(* [2 S v = S (x + v) - S (x - v)], so one of [x + v], [x - v] does as well as [v]. *)
Lemma sokal_step (S : V -> V) (x v : V) : bounded_linear V S ->
  exists x', norm (minus x' x) <= norm v /\ norm (S v) <= norm (S x').
Proof.
  intro HS. pose proof (bounded_linear_is_linear V S HS) as Hl.
  assert (E : minus (S (plus x v)) (S (minus x v)) = scal (RtoC 2) (S v)).
  { rewrite (linear_plus S Hl), (linear_minus S _ _ Hl).
    change (minus (S x) (S v)) with (plus (S x) (opp (S v))).
    rewrite (@minus_plus_plus_l VG). unfold minus. rewrite opp_opp.
    transitivity (scal (plus (one : C_AbsRing) one) (S v)).
    - rewrite (@scal_distr_r _ (CompleteNormedModule.ModuleSpace C_AbsRing V)).
      rewrite (@scal_one _ (CompleteNormedModule.ModuleSpace C_AbsRing V)). reflexivity.
    - f_equal. change (plus ?a ?b) with (Cplus a b). rewrite <- RtoC_plus. f_equal. }
  pose proof (norm_triangle (S (plus x v)) (opp (S (minus x v)))) as Ht.
  rewrite (@norm_opp _ VN) in Ht. change (plus ?a (opp ?b)) with (minus a b) in Ht.
  rewrite E, (norm_scal_RtoC VN), Rabs_right in Ht by lra.
  destruct (Rle_lt_dec (norm (S v)) (norm (S (plus x v)))) as [h|h].
  - exists (plus x v). split; [|exact h].
    replace (minus (plus x v) x) with v by (symmetry; exact (@minus_plus_l VG _ _)). lra.
  - exists (minus x v). split; [|lra].
    replace (minus (minus x v) x) with (opp v) by (symmetry; exact (@minus_plus_l VG _ _)).
    rewrite (@norm_opp _ VN). lra.
Qed.

Lemma large_value_near (S : V -> V) (N : R) : bounded_linear V S -> is_opnorm S N ->
  forall x r, 0 < r -> 0 < N -> exists x', norm (minus x' x) <= r /\ 2 / 3 * r * N <= norm (S x').
Proof.
  intros HS (_ & _ & Happrox) x r hr hN.
  destruct (Happrox (N / 3)) as [u [hu hSu]]; [lra|].
  destruct (sokal_step S x (scal (RtoC r) u) HS) as [x' [hx' hSx']].
  exists x'. rewrite (linear_scal S (bounded_linear_is_linear V S HS)), !(norm_scal_RtoC VN),
    Rabs_right in * by lra.
  split.
  - eapply Rle_trans; [exact hx'|]. nra.
  - eapply Rle_trans; [|exact hSx']. nra.
Qed.

(* Sokal's proof: pick [n_k] with [||A n_k|| >= 4^k] and points [x_k] with
   [|x_k - x_{k-1}| <= 3^-k] and [|A n_k x_k| >= 2/3 3^-k ||A n_k||]; at the limit [X],
   [|A n_k X| >= 1/6 (4/3)^k]. *)
Lemma unbounded_opnorms_unbounded_at (A : nat -> V -> V) (N : nat -> R) :
  (forall n, bounded_linear V (A n)) -> (forall n, is_opnorm (A n) (N n)) ->
  (forall K, exists n, K < N n) -> exists X, forall B, exists n, B < norm (A n X).
Proof.
  intros HA HN Hbig.
  assert (Hstep : forall k (p : nat * V), exists p' : nat * V,
    norm (minus (snd p') (snd p)) <= (1 / 3) ^ S k /\ 4 ^ S k <= N (fst p') /\
    2 / 3 * (1 / 3) ^ S k * N (fst p') <= norm (A (fst p') (snd p'))).
  { intros k [n0 x]. destruct (Hbig (4 ^ S k)) as [n hn].
    assert (h4 : 0 < 4 ^ S k) by (apply pow_lt; lra).
    destruct (large_value_near (A n) (N n) (HA n) (HN n) x ((1 / 3) ^ S k)) as [x' [h1 h2]];
      [apply pow_lt; lra | lra |].
    exists (n, x'). split; [exact h1 | split; [left; exact hn | exact h2]]. }
  destruct (dependent_choice _ (O, zero) Hstep) as [p [_ Hp]]. cbv beta in Hp.
  destruct (geometric_steps_converge (fun k => snd (p k)) (1 / 3)) as [X HX];
    [lra | intro k; apply Hp|].
  exists X. intro B.
  destruct (Pow_x_infinity (4 / 3)) with (b := 6 * B + 1) as [j Hj]; [rewrite Rabs_right; lra|].
  specialize (Hj (S j) (le_S _ _ (le_n j))). rewrite Rabs_right in Hj by (apply Rle_ge, pow_le; lra).
  destruct (Hp j) as (_ & h4 & hlarge).
  set (m := fst (p (S j))) in *. set (x' := snd (p (S j))) in *. set (r := (1 / 3) ^ S j) in *.
  exists m. assert (hr : 0 < r) by (apply pow_lt; lra).
  destruct (HN m) as (hNm & Hbound & _).
  assert (hclose : norm (minus (A m x') (A m X)) <= N m * (r / 2)).
  { rewrite <- (linear_minus (A m) _ _ (bounded_linear_is_linear V _ (HA m))).
    eapply Rle_trans; [apply Hbound|]. apply Rmult_le_compat_l; [exact hNm|].
    rewrite <- (@norm_opp _ VN), (@opp_minus VG). eapply Rle_trans; [apply (HX (S j))|].
    unfold r. simpl. lra. }
  assert (h43 : (4 / 3) ^ S j = r * 4 ^ S j) by (unfold r; rewrite <- Rpow_mult_distr; f_equal; lra).
  assert (r * 4 ^ S j <= r * N m) by (apply Rmult_le_compat_l; [lra | exact h4]).
  assert (2 / 3 * r * N m <= N m * (r / 2) + norm (A m X)).
  { eapply Rle_trans; [exact hlarge|]. eapply Rle_trans; [apply norm_le_minus_plus|].
    apply Rplus_le_compat_r. exact hclose. }
  lra.
Qed.

Lemma uniform_boundedness (A : nat -> V -> V) :
  (forall n, bounded_linear V (A n)) -> (forall x, exists B, forall n, norm (A n x) <= B) ->
  exists M, forall n u, norm (A n u) <= M * norm u.
Proof.
  intros HA Hpt. apply NNPP. intro Hno.
  pose (N n := proj1_sig (constructive_indefinite_description _ (opnorm_exists (A n) (HA n)))).
  assert (HN : forall n, is_opnorm (A n) (N n))
    by (intro n; exact (proj2_sig (constructive_indefinite_description _ _))).
  destruct (unbounded_opnorms_unbounded_at A N HA HN) as [X HX].
  - intro K. apply NNPP. intro Hc. apply Hno. exists K. intros n u.
    destruct (HN n) as (_ & Hb & _). eapply Rle_trans; [apply Hb|].
    apply Rmult_le_compat_r; [apply norm_ge_0|]. apply Rnot_lt_le. intro. apply Hc. eauto.
  - destruct (Hpt X) as [B HB]. destruct (HX B) as [n hn]. specialize (HB n). lra.
Qed.
End UniformBoundedness.

Lemma finite_upper_bound (f : nat -> R) (N : nat) : exists B, forall n, (n < N)%nat -> f n <= B.
Proof.
  induction N as [|N [B HB]]; [exists 0; intros; lia|].
  exists (Rmax B (f N)). intros n hn. destruct (Nat.eq_dec n N) as [->|hne]; [apply Rmax_r|].
  eapply Rle_trans; [apply HB; lia | apply Rmax_l].
Qed.

(** * Strongly continuous semigroups *)

Section C0Semigroup.
Context (V : CompleteNormedModule C_AbsRing) (T : R -> V -> V) (HT : C0_semigroup V T).
Local Notation VG := (CompleteNormedModule.AbelianGroup C_AbsRing V).
Local Notation VN := (CompleteNormedModule.NormedModule C_AbsRing V).

Lemma C0_semigroup_linear t : 0 <= t -> is_linear (K := C_AbsRing) (U := V) (V := V) (T t).
Proof. intro ht. apply bounded_linear_is_linear, (proj1 HT t ht). Qed.

Lemma C0_semigroup_0 x : T 0 x = x.
Proof. apply HT. Qed.

Lemma C0_semigroup_add t s x : 0 <= t -> 0 <= s -> T (t + s) x = T t (T s x).
Proof. intros; apply HT; auto. Qed.

Lemma C0_semigroup_right_continuous x eps : 0 < eps ->
  exists eta, 0 < eta /\ forall h, 0 <= h < eta -> norm (minus (T h x) x) < eps.
Proof.
  intro he. destruct HT as (_ & _ & _ & Hc).
  destruct (proj1 (filterlim_locally_ball_norm (fun t => T t x) x) (Hc x) (mkposreal eps he))
    as [d Hd].
  exists d. split; [apply cond_pos|]. intros h [[h0|h0] h1].
  - apply Hd; [|exact h0]. unfold ball; simpl; unfold AbsRing_ball, abs, minus, plus, opp; simpl.
    rewrite Ropp_0, Rplus_0_r, Rabs_right; lra.
  - subst h. rewrite C0_semigroup_0, (@minus_eq_zero VG), (@norm_zero _ VN). exact he.
Qed.

Lemma C0_semigroup_bounded_near_0 (tn : nat -> R) : (forall n, 0 <= tn n <= / (INR n + 1)) ->
  forall x, exists B, forall n, norm (T (tn n) x) <= B.
Proof.
  intros Htn x. destruct (C0_semigroup_right_continuous x 1) as [eta [heta Heta]]; [lra|].
  destruct (INR_unbounded (/ eta)) as [N0 hN0].
  destruct (finite_upper_bound (fun n => norm (T (tn n) x)) N0) as [B HB].
  exists (Rmax B (norm x + 1)). intro n.
  destruct (Nat.lt_ge_cases n N0) as [h|h].
  - eapply Rle_trans; [apply (HB n h) | apply Rmax_l].
  - eapply Rle_trans; [|apply Rmax_r].
    assert (Hsmall : 0 <= tn n < eta).
    { destruct (Htn n) as [h1 h2]. split; [exact h1|].
      apply le_INR in h. assert (0 < / eta) by (apply Rinv_0_lt_compat; lra).
      eapply Rle_lt_trans; [exact h2|]. rewrite <- (Rinv_inv eta).
      apply Rinv_lt_contravar; nra. }
    eapply Rle_trans; [apply (norm_le_minus_plus _ x)|]. rewrite Rplus_comm.
    apply Rplus_le_compat_l. left. exact (Heta _ Hsmall).
Qed.

Lemma C0_semigroup_locally_bounded : exists delta, 0 < delta /\ exists M, 0 <= M /\
  forall t, 0 <= t <= delta -> forall u, norm (T t u) <= M * norm u.
Proof.
  apply NNPP. intro Hno.
  assert (Hbad : forall n : nat, exists t, 0 <= t <= / (INR n + 1) /\
    exists u, INR n * norm u < norm (T t u)).
  { intro n. apply NNPP. intro Hc. apply Hno. exists (/ (INR n + 1)).
    split; [apply Rinv_0_lt_compat; pose proof (pos_INR n); lra|].
    exists (INR n). split; [apply pos_INR|]. intros t ht u.
    apply Rnot_lt_le. intro Hl. apply Hc. eauto. }
  pose (tn n := proj1_sig (constructive_indefinite_description _ (Hbad n))).
  assert (Htn : forall n, 0 <= tn n <= / (INR n + 1) /\ exists u, INR n * norm u < norm (T (tn n) u))
    by (intro n; exact (proj2_sig (constructive_indefinite_description _ (Hbad n)))).
  destruct (uniform_boundedness V (fun n => T (tn n))) as [M HM].
  - intro n. apply (proj1 HT), Htn.
  - apply C0_semigroup_bounded_near_0. intro n. apply Htn.
  - destruct (INR_unbounded M) as [n hn]. destruct (Htn n) as [_ [u hu]].
    specialize (HM n u). pose proof (norm_ge_0 u). nra.
Qed.
End C0Semigroup.

Section Orbit.
Context (V : CompleteNormedModule C_AbsRing) (T : R -> V -> V) (HT : C0_semigroup V T).
Context (delta M : R) (hdelta : 0 < delta) (hM : 0 <= M)
  (Hbound : forall t, 0 <= t <= delta -> forall u, norm (T t u) <= M * norm u).
Local Notation VG := (CompleteNormedModule.AbelianGroup C_AbsRing V).
Local Notation VN := (CompleteNormedModule.NormedModule C_AbsRing V).
Local Notation VR := (restrict_scalars V).

Lemma orbit_uniformly_continuous y eps : 0 < eps -> exists eta, 0 < eta /\
  forall a b, 0 <= a < delta -> a <= b -> b - a < eta -> norm (minus (T b y) (T a y)) < eps.
Proof.
  intro he.
  destruct (C0_semigroup_right_continuous V T HT y (eps / (M + 1))) as [eta [heta Heta]].
  { apply Rdiv_lt_0_compat; lra. }
  exists eta. split; [exact heta|]. intros a b ha hab hba.
  replace b with (a + (b - a)) by ring.
  rewrite (C0_semigroup_add V T HT) by lra.
  rewrite <- (linear_minus _ _ _ (C0_semigroup_linear V T HT a (proj1 ha))).
  eapply Rle_lt_trans; [apply Hbound; lra|].
  assert (Hn : norm (minus (T (b - a) y) y) < eps / (M + 1)) by (apply Heta; lra).
  apply Rle_lt_trans with (M * (eps / (M + 1))); [apply Rmult_le_compat_l; [lra | left; exact Hn]|].
  apply Rmult_lt_reg_r with (M + 1); [lra|]. field_simplify; lra.
Qed.

(* Extended by [T 0 y] to negative times, so that the orbit is continuous at [0]. *)
Definition orbit (y : V) (r : R) : VR := T (Rmax 0 r) y.

Lemma orbit_nonneg y r : 0 <= r -> orbit y r = T r y.
Proof. intro hr. unfold orbit. rewrite Rmax_right by lra. reflexivity. Qed.

Lemma orbit_continuous y r : r < delta -> continuous (orbit y) r.
Proof.
  intro hr. apply (proj2 (filterlim_locally_ball_norm (U := VR) _ _)). intro eps.
  destruct (orbit_uniformly_continuous y eps (cond_pos eps)) as [eta [heta Heta]].
  assert (hmr : Rmax 0 r < delta) by (unfold Rmax; destruct Rle_dec; lra).
  assert (hpos : 0 < Rmin eta (delta - Rmax 0 r)) by (apply Rmin_glb_lt; lra).
  exists (mkposreal _ hpos). intros s Hs.
  unfold ball in Hs; simpl in Hs; unfold AbsRing_ball, abs, minus, plus, opp in Hs; simpl in Hs.
  pose proof (Rmin_l eta (delta - Rmax 0 r)). pose proof (Rmin_r eta (delta - Rmax 0 r)).
  assert (Hmax : Rabs (Rmax 0 s - Rmax 0 r) <= Rabs (s - r))
    by (unfold Rmax; destruct (Rle_dec 0 s), (Rle_dec 0 r); unfold Rabs;
        repeat destruct Rcase_abs; lra).
  assert (Ha : Rabs (Rmax 0 s - Rmax 0 r) < eta) by (unfold Rminus in *; lra).
  apply Rabs_def2 in Ha. pose proof (Rmax_l 0 s). pose proof (Rmax_l 0 r).
  unfold ball_norm, orbit.
  destruct (Rle_dec (Rmax 0 s) (Rmax 0 r)) as [h|h].
  - rewrite <- norm_opp, opp_minus. apply Heta; lra.
  - apply Heta; lra.
Qed.

Lemma ex_RInt_orbit y a b : a <= b -> b < delta -> ex_RInt (orbit y) a b.
Proof.
  intros hab hb. apply (ex_RInt_continuous (V := VR)). intros s [_ hs].
  apply orbit_continuous. rewrite Rmax_right in hs by lra. lra.
Qed.

Lemma orbit_average y a kappa : 0 <= a < delta -> 0 < kappa -> exists eta, 0 < eta /\
  forall e, 0 < e < eta -> a + e < delta ->
  norm (minus (scal (RtoC (/ e)) (RInt (orbit y) a (a + e))) (T a y)) <= kappa.
Proof.
  intros ha hk. destruct (orbit_uniformly_continuous y kappa hk) as [eta [heta Heta]].
  exists eta. split; [exact heta|]. intros e he hae.
  set (I := RInt (orbit y) a (a + e)).
  assert (HI : is_RInt (orbit y) a (a + e) I) by (apply (RInt_correct (V := VR)), ex_RInt_orbit; lra).
  assert (Hclose : forall s, a <= s <= a + e -> norm (minus (orbit y s) (orbit y a)) <= kappa).
  { intros s hs. rewrite !orbit_nonneg by lra. left. apply Heta; lra. }
  pose proof (norm_RInt_le (fun s => minus (orbit y s) (orbit y a)) (fun _ => kappa) a (a + e) _ _
    ltac:(lra) Hclose (is_RInt_minus _ _ _ _ _ _ HI (is_RInt_const a (a + e) (orbit y a)))
    (is_RInt_const a (a + e) kappa)) as Hle.
  change (norm (minus I (scal (RtoC (a + e - a)) (orbit y a))) <= (a + e - a) * kappa) in Hle.
  replace (a + e - a) with e in Hle by ring. rewrite orbit_nonneg in Hle by lra.
  assert (E : minus (scal (RtoC (/ e)) I) (T a y) =
              scal (RtoC (/ e)) (minus I (scal (RtoC e) (T a y)))).
  { rewrite scal_minus_distr_l, scal_assoc. f_equal.
    change (mult (RtoC (/ e)) (RtoC e)) with (Cmult (RtoC (/ e)) (RtoC e)).
    rewrite <- RtoC_mult, Rinv_l by lra. symmetry. exact (scal_one (T a y)). }
  rewrite E, (norm_scal_RtoC VN), Rabs_right by (apply Rle_ge, Rlt_le, Rinv_0_lt_compat; lra).
  apply Rmult_le_reg_l with e; [lra|].
  rewrite <- Rmult_assoc, Rinv_r, Rmult_1_l by lra. exact Hle.
Qed.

# # # #

**EXERCISE INSTRUCTIONS:**
Repeat, exactly as they stand above, the lines from the line with "Lemma unbounded_opnorms_unbounded_at (A" to the line with "2 / 3 * (1 / 3) ^ S", both lines included.

**RESPONSE TO THIS EXERCISE:**
Lemma unbounded_opnorms_unbounded_at (A : nat -> V -> V) (N : nat -> R) :
  (forall n, bounded_linear V (A n)) -> (forall n, is_opnorm (A n) (N n)) ->
  (forall K, exists n, K < N n) -> exists X, forall B, exists n, B < norm (A n X).
Proof.
  intros HA HN Hbig.
  assert (Hstep : forall k (p : nat * V), exists p' : nat * V,
    norm (minus (snd p') (snd p)) <= (1 / 3) ^ S k /\ 4 ^ S k <= N (fst p') /\
    2 / 3 * (1 / 3) ^ S k * N (fst p') <= norm (A (fst p') (snd p'))).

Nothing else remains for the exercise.